___ Input data
Definition Sigma0 (phi : {set U} -> {set U}) : {set impl} :=
  [set f : impl | [exists a : U, exists c : U,
     [&& f.1 == [set a], f.2 == [set c] & c \in phi [set a] :\ a]]].

Definition phi0 (phi : {set U} -> {set U}) (X : {set U}) : {set U} :=
  impl_closure (Sigma0 phi) X.

Definition min_Dgen (phi : {set U} -> {set U}) (c : U) (A : {set U}) : bool :=
  [&& min_gen phi c A, 2 <= #|A|, c \notin phi0 phi A &
      [forall A' : {set U}, (min_gen phi c A' && (A' \subset phi0 phi A)) ==> (A' == A)]].

(* D-basis (unmerged). *)
Definition Dbasis (phi : {set U} -> {set U}) : {set impl} :=
  Sigma0 phi :|:
  [set f : impl | [exists c : U, (f.2 == [set c]) && min_Dgen phi c f.1]].

Definition merge_impl (S : {set impl}) : {set impl} :=
  [set (f.1, \bigcup_(g in S | g.1 == f.1) g.2) | f in S].

(* State: counters (indexed by implications) and the set "add". *)
Definition lcd_step (S : {set impl}) (st : {ffun impl -> nat} * {set U}) (m : U)
  : {ffun impl -> nat} * {set U} :=
  let: (cnt, add) := st in
  (* for each A -> B in list[m]: decrement count; if it becomes 0, add B.
     "becomes 0 after decrementing" is "was 1 before decrementing". *)
  ([ffun f => if (f \in S) && (m \in f.1) then (cnt f).-1 else cnt f],
   add :|: \bigcup_(f in S | (m \in f.1) && (cnt f == 1)) f.2).

(* Run on input (Y, S), with the elements of update = Y chosen in the
   order given by the sequence [order] (a duplicate-free enumeration of Y). *)
Definition LCD (S : {set impl}) (Y : {set U}) (order : seq U) : {set U} :=
  let init := ([ffun f : impl => #|f.1|], (set0 : {set U})) in
  Y :|: (foldl (lcd_step S) init order).2.

End Defs.

From mathcomp Require Import all_boot.
Set Implicit Arguments. Unset Strict Implicit. Unset Printing Implicit Defensive.
Lemma darboux_potential_div V0 p q q' : smooth_on I p -> smooth_on I q ->
  (forall s, I s -> p s != 0) -> (forall s, I s -> q s != 0) ->
  eq_on q' (fun t => q t / p t) ->
  eq_on (darboux_potential (darboux_potential V0 p) q') (darboux_potential V0 q).
Proof.
move=> sp sq p0 q0 qq t It; rewrite /darboux_potential.
have e : eq_on (fun s => ln `|q' s|) (fun s => ln `|q s| + - ln `|p s|).
  by move=> s Is; rewrite qq // normf_div ln_div // posrE normr_gt0 ?q0 ?p0.
have slq := smooth_ln_norm sq q0; have slp := smooth_ln_norm sp p0.
rewrite (derive1n_eq_on 2 e It) (derive1nD 2 slq (smoothN slp) It) (derive1nN 2 slp It).
by generalize_derivatives; ring.
Qed.

Definition crum_identities (psi : nat -> R -> R) (V0 : R -> R) (c : R) (n : nat) (z : R) :=
  [/\ schrodinger (darboux_potential V0 (theta psi n)) (theta_ratio psi n.+1 n) z = 0,
      schrodinger (darboux_potential V0 (theta psi n)) (theta_ratio psi n.-1 n) z = 0 &
      Wr2 (theta_ratio psi n.+1 n) (theta_ratio psi n.-1 n) z = c].

Lemma crum_base V0 (psi : nat -> R -> R) c z : smooth_on I V0 ->
  smooth_on I (psi 1%N) -> smooth_on I (psi 2%N) -> (forall s, I s -> psi 1%N s != 0) ->
  (forall s, I s -> schrodinger V0 (psi 1%N) s = 0) ->
  (forall s, I s -> - schrodinger V0 (psi 2%N) s = c * psi 1%N s) -> I z ->
  crum_identities psi V0 c 1 z.
Proof.
move=> sV0 sp sq p0 Hp Hq Iz.
have s12 j : (1 <= j <= 2)%N -> smooth_on I (psi j).
  by case: j => [|[|[|j]]] hj; [lia|exact: sp|exact: sq|lia].
have ephi : eq_on (theta_ratio psi 2 1) (darboux (psi 1%N) (psi 2%N)).
  move=> t It; rewrite /theta_ratio (theta_darboux s12 p0 It) !theta1.
  by rewrite mulrAC divff ?mul1r // p0.
rewrite /crum_identities /= theta1 [theta_ratio psi 0 1]/theta_ratio theta0 theta1.
split.
- rewrite (schrodinger_eq_on (fun _ _ => erefl) ephi Iz); apply/eqP; rewrite -oppr_eq0.
  by rewrite (darboux_chain sV0 sp p0 Hp sq sp Hq Iz) (darboux_self p0 Iz) mulr0.
- exact: schrodinger_inv.
- rewrite (Wr2_eq_on ephi (fun _ _ => erefl) Iz).
  exact (Wr2_darboux_inv sp p0 Hp sq Hq Iz).
Qed.

Lemma crum_step V0 (psi : nat -> R -> R) c K n z :
  (forall j, (1 <= j <= K)%N -> smooth_on I (psi j)) ->
  (forall j s, (1 <= j <= K)%N -> I s -> theta psi j s != 0) -> (n.+2 <= K)%N ->
  (0 < n)%N -> I z ->
  crum_identities (fun j => darboux (psi 1%N) (psi j.+1)) (darboux_potential V0 (psi 1%N)) c n z ->
  crum_identities psi V0 c n.+1 z.
Proof.
move=> spsi th0 nK n0 Iz; set p := psi 1%N; set psi' := fun j => darboux p (psi j.+1).
have sp : smooth_on I p by apply: spsi; lia.
have h1 : (1 <= 1 <= K)%N by lia.
have p0 s : I s -> p s != 0 by move=> Is; have := th0 1%N s h1 Is; rewrite theta1.
have thn s : I s -> theta psi n.+1 s != 0 by move=> Is; apply: th0 Is; lia.
have sth : smooth_on I (theta psi n.+1).
  by apply: smooth_theta => [j hj|j s hj Is]; [apply: spsi|apply: th0 Is]; lia.
have eV := darboux_potential_div V0 sp sth p0 thn (theta_darboux_div spsi p0 (ltnW nK)).
have ephi := theta_ratio_darboux (m := n.+1) spsi p0 thn nK (ltnW nK).
have einv : eq_on (theta_ratio psi' n.-1 n) (theta_ratio psi n n.+1).
  by have := theta_ratio_darboux (m := n.-1) spsi p0 thn; rewrite prednK //; apply; lia.
case=> Hphi Hinv HWr; split.
- by rewrite -(schrodinger_eq_on eV ephi Iz).
- by rewrite -(schrodinger_eq_on eV einv Iz).
- by rewrite -(Wr2_eq_on ephi einv Iz).
Qed.

Definition crum_chain (V0 : R -> R) (psi : nat -> R -> R) (C : nat -> R) (N : nat) :=
  [/\ smooth_on I V0,
      forall j, (1 <= j <= N.+1)%N -> smooth_on I (psi j),
      forall s, I s -> schrodinger V0 (psi 1%N) s = 0,
      forall j s, (1 <= j <= N)%N -> I s -> - schrodinger V0 (psi j.+1) s = C j * psi j s &
      forall j s, (1 <= j <= N.+1)%N -> I s -> theta psi j s != 0].

Lemma crum_chain_darboux V0 (psi : nat -> R -> R) C N :
  crum_chain V0 psi C N.+1 ->
  crum_chain (darboux_potential V0 (psi 1%N)) (fun j => darboux (psi 1%N) (psi j.+1))
    (fun j => C j.+1) N.
Proof.
case=> sV0 spsi Hp Hj th0; set p := psi 1%N.
have sp : smooth_on I p by apply: spsi; lia.
have p0 s : I s -> p s != 0 by move=> Is; have := th0 1%N s isT Is; rewrite theta1.
have chain j s : (1 <= j <= N.+1)%N -> I s ->
    - schrodinger (darboux_potential V0 p) (darboux p (psi j.+1)) s = C j * darboux p (psi j) s.
  move=> hj Is; apply: (darboux_chain sV0 sp p0 Hp (spsi j.+1 _) (spsi j _) _ Is); try lia.
  by move=> u Iu; exact: Hj j u hj Iu.
split.
- exact: smooth_darboux_potential sV0 sp p0.
- by move=> j hj; apply: (smooth_darboux sp (spsi j.+1 _) p0); lia.
- by move=> s Is; apply/eqP; rewrite -oppr_eq0 (chain 1%N s isT Is) (darboux_self p0 Is) mulr0.
- by move=> j s hj Is; apply: chain Is; lia.
- move=> j s hj Is; rewrite (theta_darboux_div spsi p0 _ Is); last lia.
  by rewrite mulf_neq0 ?invr_eq0 ?p0 //; apply: th0 Is; lia.
Qed.
Lemma det_add_sum_rank1_ge X (J : Type) (r : seq J) (c : J -> R) (v : J -> 'cV[R]_n) :
  psdmx X -> 0 < \det X -> (forall j, 0 <= c j) ->
  \det X * (1 + \tr (invmx X *m \sum_(j <- r) c j *: (v j *m (v j)^T))) <=
  \det (X + \sum_(j <- r) c j *: (v j *m (v j)^T)).
Proof.
move=> + + c_ge0; elim: r X => [|j r IH] X psdX detX_gt0.
  by rewrite !big_nil mulmx0 mxtrace0 addr0 mulr1 addr0.
set X' := X + c j *: (v j *m (v j)^T).
have unitX : X \in unitmx by rewrite unitmxE unitfE gt_eqF.
have [_ posG] := psdmx_inv psdX.
have detX' : \det X' = \det X * (1 + c j * mxform (invmx X) (v j) (v j)).
  exact: det_add_rank1.
have detX'_gt0 : 0 < \det X' by rewrite detX' mulr_gt0 // ltr_pwDl // mulr_ge0.
have psdX' : psdmx X' by apply: psdmxD => //; apply: psdmxZ => //; apply: psdmx_rank1.
have := IH X' psdX' detX'_gt0; rewrite big_cons addrA -/X'; apply: le_trans.
rewrite mulmxDr mxtraceD -scalemxAr mxtraceZ mxtrace_mul_rank1 !mxtrace_mul_sum_rank1 //.
rewrite addrA mulrDr [leRHS]mulrDr mulr1 -detX'.
rewrite lerD2l !big_distrr ler_sum //= => i _.
rewrite mulrCA [leRHS]mulrCA ler_wpM2l //.
exact: det_mxform_invmx_le_add_rank1 (ltW _).
Qed.

End PsdMatrices.

Lemma det_sum_rank1_gt0 (R : rcfType) n (J : Type) (r : seq J) (c : J -> R)
    (v : J -> 'cV[R]_n) (S := \sum_(j <- r) c j *: (v j *m (v j)^T)) :
  (forall j, 0 <= c j) -> S \in unitmx -> 0 < \det S.
Proof.
move=> c_ge0 unitS.
have det_shift_gt0 t : 0 < t -> 0 < \det (t%:M + S).
  move=> t_gt0; have psd_t := psdmx_scalar n (ltW t_gt0).
  have det_t : 0 < \det (t%:M : 'M[R]_n) by rewrite det_scalar exprn_gt0.
  apply: lt_le_trans (det_add_sum_rank1_ge r v psd_t det_t c_ge0).
  by rewrite mulr_gt0 // ltr_pwDl // mxtrace_mul_sum_rank1_ge0 //; exact: psdmx_inv.
(* [p t = det (t + S)] is positive for [t > 0] and nonzero at [0], so by the
   intermediate value theorem it cannot be negative at [0]. *)
pose p := char_poly (- S).
have p_eval t : p.[t] = \det (t%:M + S) by rewrite horner_char_poly opprK.
have detS_neq0 : \det S != 0 by rewrite -unitfE -unitmxE.
have [//|detS_le0] := ltP 0 (\det S).
have [x /andP[x_ge0 _]] : exists2 x, 0 <= x <= 1 & root p x.
  apply: poly_ivt; first exact: ler01.
  by rewrite !p_eval raddf0 add0r detS_le0 ltW // det_shift_gt0.
rewrite /root p_eval; have [->|x_neq0] := eqVneq x 0.
  by rewrite raddf0 add0r (negbTE detS_neq0).
by rewrite gt_eqF // det_shift_gt0 // lt_def x_neq0.
Qed.

Definition dirac (R : pzSemiRingType) (I : eqType) (b i : I) : R := (i == b)%:R.

Section FrankWolfeStep.
Variables (R : realType) (d : nat) (I : finType) (a : I -> 'cV[R]_d).
Variables (alpha : R) (poff : I -> R).

Lemma Mmix_sum q :
  Mmix a alpha poff q = \sum_i (alpha * poff i + (1 - alpha) * q i) *: (a i *m (a i)^T).
Proof.
rewrite /Mmix /Vpi !scaler_sumr -big_split; apply: eq_bigr => i _.
by rewrite !scalerA scalerDl.
Qed.

Lemma Vpi_dirac b : Vpi a (dirac R b) = a b *m (a b)^T.
Proof.
rewrite /Vpi (bigD1 b) //= /dirac eqxx scale1r big1 ?addr0 // => i /negbTE ->.
by rewrite scale0r.
Qed.

Lemma wgtE p b :
  wgt a alpha poff p b = \tr (invmx (Mmix a alpha poff p) *m Mmix a alpha poff (dirac R b)).
Proof. by rewrite /wgt; congr (\tr (_ *m _)); rewrite /Mmix Vpi_dirac addrC. Qed.

Lemma Mmix_convex p :
  \sum_i p i = 1 -> \sum_i p i *: Mmix a alpha poff (dirac R i) = Mmix a alpha poff p.
Proof.
move=> p_sum1; rewrite /Mmix; under eq_bigr => i _ do rewrite Vpi_dirac scalerDr.
rewrite big_split /= -scaler_suml p_sum1 scale1r; congr (_ + _).
by rewrite /Vpi scaler_sumr; apply: eq_bigr => i _; rewrite !scalerA mulrC.
Qed.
______
Using the records above, set down exactly the lines from the one with "- move=> j s" through the one with "psdmx X -> 0", inclusive, and nothing more.

[Response to this task]
- move=> j s hj Is; rewrite (theta_darboux_div spsi p0 _ Is); last lia.
  by rewrite mulf_neq0 ?invr_eq0 ?p0 //; apply: th0 Is; lia.
Qed.
Lemma det_add_sum_rank1_ge X (J : Type) (r : seq J) (c : J -> R) (v : J -> 'cV[R]_n) :
  psdmx X -> 0 < \det X -> (forall j, 0 <= c j) ->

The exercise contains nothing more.